◆ **Action item**
Go through the data line by line from the top, retyping each exactly, and end with the line that contains "- by apply: conj_by_intertwine; rewrite // !mx2_mul;".

◆ **Saved data entries**

Lemma conj_diag_balance l m (p q r s : C) : q != 0 -> r != 0 ->
  exists Q k, [/\ \det Q = 1, conj_by Q (mx2 l 0 0 m) = mx2 l 0 0 m,
                  conj_by Q (mx2 p q r s) = mx2 p k k s & k ^+ 2 = q * r].
Proof.
(* With u^4 = r / q the conjugated off-diagonal entries u^2 q and r / u^2 agree. *)
move=> q0 r0; set u := 4.-root (r / q).
have u0 : u != 0 by rewrite rootC_eq0 // mulf_neq0 ?invr_eq0.
have r_u : r = u ^+ 4 * q by rewrite rootCK // divfK.
have dQ := det_mx2_diag_inv u0.
have uQ := det1_unitmx dQ.
exists (mx2 u 0 0 u^-1), (u ^+ 2 * q); split => //.
- by apply: conj_by_intertwine; rewrite // !mx2_mul; congr mx2; ring.
- by apply: conj_by_intertwine; rewrite // !mx2_mul r_u; congr mx2; field.
- by rewrite r_u; ring.
Qed.

Lemma sl2_symmetric_form (p k s : C) : p * s - k ^+ 2 = 1 ->
  exists a b d, [/\ mx2 p k k s = mx2 (a + 'i * b) ('i * d) ('i * d) (a - 'i * b),
                    a ^+ 2 + b ^+ 2 + d ^+ 2 = 1 & d ^+ 2 = - k ^+ 2].
Proof.
move=> dB; have i2 : 'i ^+ 2 = -1 :> C := sqrCi C.
exists ((p + s) / 2), (- 'i * (p - s) / 2), (- 'i * k); split.
- by congr mx2; field: i2.
- by rewrite -[RHS]dB; field: i2.
- by ring: i2.
Qed.

Definition diagonal_normal_form A1 A2 : Prop :=
  exists (P : 'M[C]_2) (a1 b1 a2 b2 d2 : C),
    [/\ \det P = 1,
        conj_by P A1 = mx2 (a1 + 'i * b1) 0 0 (a1 - 'i * b1),
        conj_by P A2 = mx2 (a2 + 'i * b2) ('i * d2) ('i * d2) (a2 - 'i * b2) &
      [/\ a1 ^+ 2 + b1 ^+ 2 = 1,
        a2 ^+ 2 + b2 ^+ 2 + d2 ^+ 2 = 1 &
        d2 ^+ 2 = sigma12 A1 A2 / (2 * nu A1) /\ d2 ^+ 2 != 0]].

Lemma diagonal_normal_form_conj P A1 A2 : \det P = 1 -> \det A1 = 1 -> \det A2 = 1 ->
  diagonal_normal_form (conj_by P A1) (conj_by P A2) -> diagonal_normal_form A1 A2.
Proof.
move=> dP dA1 dA2 [Q [a1 [b1 [a2 [b2 [d2 [dQ QA1 QA2 eqs]]]]]]].
have uP := det1_unitmx dP; have uQ := det1_unitmx dQ.
exists (Q *m P), a1, b1, a2, b2, d2.
by rewrite det_mulmx dQ dP mulr1 !conj_byM // -(sigma12_conj uP dA1 dA2) -(nu_conj A1 uP).
Qed.
Lemma potential_nb_gt s a c : a \in giant set0 ->
  c \in giant_after s (size s) -> a \notin giant_after s (size s) ->
  exists2 b, e a b & potential s a < potential s b.
Proof.
move=> a0 cT aT; set l := exit_time s a.
have lS : l <= size s by move: aT; rewrite mem_giant_after // -leqNgt.
have l0 : 0 < l by rewrite -mem_giant_after // /giant_after take0 set_nil.
have l_S : 0 < l <= size s by rewrite l0.
set w := nth a s l.-1; set Q := [set:: take l.-1 s].
have QwE : [set:: take l s] = w |: Q.
  by rewrite -(prednK l0) (take_nth a) ?prednK // set_rcons.
have aQ : a \in giant Q.
  by rewrite -/(giant_after s l.-1) mem_giant_after ?ltn_predL // (leq_trans (leq_pred l)).
have aQw : a \notin giant (w |: Q) by rewrite -QwE -/(giant_after s l) mem_giant_after ?ltnn.
have wQ : w \in giant Q by apply: contraT => wQ; move: aQw; rewrite giant_setU1.
have cQw : c \in giant (w |: Q).
  by rewrite -QwE; apply: subsetP (giant_after_homo _ lS) _ cT.
have potaE : potential s a = l * #|V|.+1 - bfs_rank Q w a.
  by rewrite /potential -/l ltnNge lS.
have [aw|naw] := eqVneq a w.
  have [u ewu uQw] := giant_setU1_nb e_sym wQ cQw.
  exists u; first by rewrite aw.
  have := potential_lb lS (_ : u \in giant_after s l); rewrite /giant_after QwE.
  by move=> /(_ uQw); rewrite potaE; nia.
have aw : a \in component e Q w by apply: giant_connected.
move: (aw); rewrite -bfs_rank_gt0; case ra: (bfs_rank Q w a) => [//|[|r]] _.
  by rewrite (bfs_rank1 ra) eqxx in naw.
have [z eza /andP[z0 rz]] := bfs_rank_pred ra.
have zw : z \in component e Q w by rewrite -bfs_rank_gt0.
have zQ : z \in giant Q by apply: giant_component wQ zw.
exists z; first by rewrite e_sym.
have lM : #|V|.+1 <= l * #|V|.+1 by rewrite leq_pmull.
have := bfs_rank_le e Q w a; rewrite potaE ra.
by case: (potential_exit a l_S zQ) => [|->]; rewrite -/Q -/w ?mulSn; lia.
Qed.
End Potential.

Section Adversary.
Local Open Scope ring_scope.
Variables (V : finType) (e : rel V) (R : realFieldType) (A : algorithm V R).
Hypothesis e_sym : symmetric e.
Implicit Types (s S : seq V) (h : seq (V * R)).

Fixpoint adversary_run t h s : seq V * option V :=
  match A h with
  | inr v => (s, Some v)
  | inl u => if t is t'.+1 then
       adversary_run t' (rcons h (u, (potential e (rcons s u) u)%:R)) (rcons s u)
     else (s, None)
  end.

Lemma adversary_runP t h s S o : adversary_run t h s = (S, o) ->
  [/\ s = take (size s) S, (size S <= size s + t)%N &
   forall f : V -> R, (forall i x0, (size s <= i < size S)%N ->
       f (nth x0 S i) = (potential e (take i.+1 S) (nth x0 S i))%:R) ->
     run A f t h = o].
Proof.
elim: t h s => [|t IH] h s /=; case Ah: (A h) => [u|v].
1,2,4: by case=> <- <-; rewrite take_size ?addn0 ?leq_addr; split=> // f _ /=; rewrite Ah.
case/IH=> sS szS runE; rewrite size_rcons addSnnS in sS szS.
have ltsS : (size s < size S)%N.
  by have := congr1 size sS; rewrite size_rcons size_take_min; lia.
have {}sE : s = take (size s) S.
  by rewrite -(take_takel S (leqnSn (size s))) -sS -cats1 takel_cat // take_size.
have Su x0 : nth x0 S (size s) = u.
  by rewrite -(nth_take x0 (ltnSn (size s))) -sS nth_rcons ltnn eqxx.
split=> // f fS; have := fS (size s) u; rewrite leqnn ltsS Su -sS => /(_ isT) ->.
apply: runE => i x0; rewrite size_rcons => /andP[lt_i iS].
by apply: fS; rewrite iS (ltnW lt_i).
Qed.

◆ **Exercise result**
Lemma conj_diag_balance l m (p q r s : C) : q != 0 -> r != 0 ->
  exists Q k, [/\ \det Q = 1, conj_by Q (mx2 l 0 0 m) = mx2 l 0 0 m,
                  conj_by Q (mx2 p q r s) = mx2 p k k s & k ^+ 2 = q * r].
Proof.
(* With u^4 = r / q the conjugated off-diagonal entries u^2 q and r / u^2 agree. *)
move=> q0 r0; set u := 4.-root (r / q).
have u0 : u != 0 by rewrite rootC_eq0 // mulf_neq0 ?invr_eq0.
have r_u : r = u ^+ 4 * q by rewrite rootCK // divfK.
have dQ := det_mx2_diag_inv u0.
have uQ := det1_unitmx dQ.
exists (mx2 u 0 0 u^-1), (u ^+ 2 * q); split => //.
- by apply: conj_by_intertwine; rewrite // !mx2_mul; congr mx2; ring.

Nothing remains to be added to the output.